Notes from the internetz:
- international agreements may take a number of forms and be given a diversity of names;
i.e the fact that this is called minutes of meeting, in itself, does not deny it of its character as
a treaty under Article 2(1) (a) of the VCLT.
- the terms of the agreement and the particular circumstances in which it was drawn up
indicates that these minutes do not merely give an account of discussions and summarise
points of agreement and disagreement. The enumerate commitments to which the parties
have consented. Thus they create rights and obligations for parties under international law.
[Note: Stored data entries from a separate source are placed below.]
Lemma scores_pair d (W : 'M[R]_(d, p)) V l :
  scores W V (embed R c) l 0 = \sum_u V l u * Num.max 0 (W u a + W u b).
Proof.
rewrite /scores /relu embed_pair mulmxDr -!colE mxE.
by apply: eq_bigr => u _; rewrite !mxE.
Qed.

End PairInputs.

Section Network.
Variables (R : realType) (p : nat).
Hypothesis p_gt0 : (0 < p)%N.

(* 17/7 makes the margin (17/7) p / 2 exceed 25p/49 + 20/49 while keeping the
   entries of V below 2 (17/7) and (17/7)^2 (41/2) below 11^2. *)
Definition out_scale : R := 17 / 7.

Lemma out_scale_gt0 : 0 < out_scale.
Proof. by rewrite /out_scale; lra. Qed.

Definition hidden_in (k j r : nat) : R :=
  if (j < 10)%N then gadget_in j (phase R p k r)
  else if (j < 20)%N then gadget_in (j - 10) (phase R p k r - pi / 4) else 0.

Definition hidden_out (l k j : nat) : R :=
  if (j < 10)%N then out_scale * gadget_out R j * cos (phase R p k l)
  else if (j < 20)%N then out_scale * gadget_out R (j - 10) * sin (phase R p k l)
  else 0.

Definition netW : 'M[R]_(36 * p, p) :=
  \matrix_(u, r) hidden_in (u %/ 36) (u %% 36) r.
Definition netV : 'M[R]_(p, 36 * p) :=
  \matrix_(l, u) hidden_out l (u %/ 36) (u %% 36).

Lemma block_outE l k (G : nat -> R) :
  \sum_(j < 36) hidden_out l k j * G j =
  out_scale * (cos (phase R p k l) * \sum_(0 <= t < 10) gadget_out R t * G t
             + sin (phase R p k l) *
               \sum_(0 <= t < 10) gadget_out R t * G (t + 10)%N).
Proof.
rewrite -(big_mkord xpredT (fun j => hidden_out l k j * G j)).
rewrite (big_cat_nat _ (n := 20)) //= (big_cat_nat _ (n := 10)) //=.
rewrite [X in _ + X]big_nat_cond [X in _ + X]big1; last first.
  move=> j /andP[/andP[j_ge _] _].
  by rewrite /hidden_out ltnNge (leq_trans _ j_ge) // ltnNge j_ge mul0r.
rewrite addr0 (big_addn 0 20 10) mulrDr !mulr_sumr.
congr (_ + _); apply: eq_big_nat => t /andP[_ t_lt].
  by rewrite /hidden_out t_lt -!mulrA [gadget_out R t * _]mulrCA.
rewrite /hidden_out ltnNge leq_addl /=; have -> : (t + 10 < 20)%N by lia.
by rewrite addnK -!mulrA [gadget_out R t * _]mulrCA.
Qed.

Lemma block_score l k a b :
  \sum_(j < 36) hidden_out l k j * Num.max 0 (hidden_in k j a + hidden_in k j b) =
  out_scale * (cos (phase R p k l) * cos_gadget (phase R p k a) (phase R p k b)
    + sin (phase R p k l) *
      cos_gadget (phase R p k a - pi / 4) (phase R p k b - pi / 4)).
Proof.
rewrite (block_outE _ _ (fun j => Num.max 0 (hidden_in k j a + hidden_in k j b))).
rewrite /cos_gadget; congr (_ * (_ * _ + _ * _)).
  by apply: eq_big_nat => t /andP[_ t_lt]; rewrite /hidden_in t_lt.
apply: eq_big_nat => t /andP[_ t_lt]; rewrite /hidden_in ltnNge leq_addl /=.
have -> : (t + 10 < 20)%N by lia.
by rewrite addnK.
Qed.

Lemma pair_score_approx (a b l : 'I_p) :
  `|\sum_u netV l u * Num.max 0 (netW u a + netW u b)
    - out_scale * (if ((a + b) %% p == l)%N then p%:R else 0)|
  <= out_scale * p%:R / 4.
Proof.
under eq_bigr do rewrite !mxE.
rewrite (big_ord_mul_divmod _ _ (fun k j =>
  hidden_out l k j * Num.max 0 (hidden_in k j a + hidden_in k j b))).
rewrite -dvdn_addB_mod // -sum_cos_phase // mulr_sumr -sumrB.
apply: le_trans (ler_norm_sum _ _ _) _.
rewrite (_ : out_scale * p%:R / 4 = \sum_(k < p) out_scale * (1 / 4)); last first.
  by rewrite sumr_const card_ord -mulr_natr; field.
apply: ler_sum => k _.
rewrite block_score -(cos_phaseB _ _ _ p_gt0 (ltnW (ltn_ord l))) phaseD.
rewrite -mulrBr normrM ger0_norm ?(ltW out_scale_gt0) // ler_pM2l ?out_scale_gt0 //.
exact: rotated_gadget_approx.
Qed.

Lemma netV_rows : netV *m netV^T = (out_scale ^+ 2 * (41 / 2) * p%:R)%:M.
Proof.
have block_gram l q k : \sum_(j < 36) hidden_out l k j * hidden_out q k j =
    out_scale ^+ 2 * (41 / 2) * cos (phase R p k l - phase R p k q).
  rewrite block_outE -gadget_out_sqr_sum cosB !mulr_sumr -big_split /=.
  rewrite mulr_sumr mulr_suml; apply: eq_big_nat => t /andP[_ t_lt].
  rewrite /hidden_out t_lt ltnNge leq_addl /=.
  have -> : (t + 10 < 20)%N by lia.
  by rewrite addnK; ring.
apply/matrixP => l q; rewrite !mxE.
under eq_bigr do rewrite !mxE.
rewrite (big_ord_mul_divmod _ _ (fun k j => hidden_out l k j * hidden_out q k j)).
under eq_bigr do rewrite block_gram (cos_phaseB _ _ _ p_gt0 (ltnW (ltn_ord q))).
rewrite -mulr_sumr sum_cos_phase // dvdn_addB_mod // modn_small //.
by rewrite val_eqE; case: (l == q); rewrite ?mulr0.
Qed.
- The intention of the Bahrain Foreign Minister, at the signing of the document, that the minutes
are to be considered only a statement recording a political understanding and not a legal
agreement is irrelevant.
- The fact that the minutes were not registered or registered late, as a treaty, according to Article
102 of the UN Charter does not deprive it of its legal validity.
- Nor is there anything in the material before the Court which would justify deducing from any
disregard by Qatar of its constitutional rules relating to the conclusion of treaties that it did not
intend to conclude, and did not consider that it had concluded, an instrument of that kind; nor
could any such intention, even if shown to exists, prevail over the actual terms of the
instrument in question.
- In conclusion, irrespective of what it is called, an instrument will be a treaty if it creates rights
and duties that are enforceable under international law.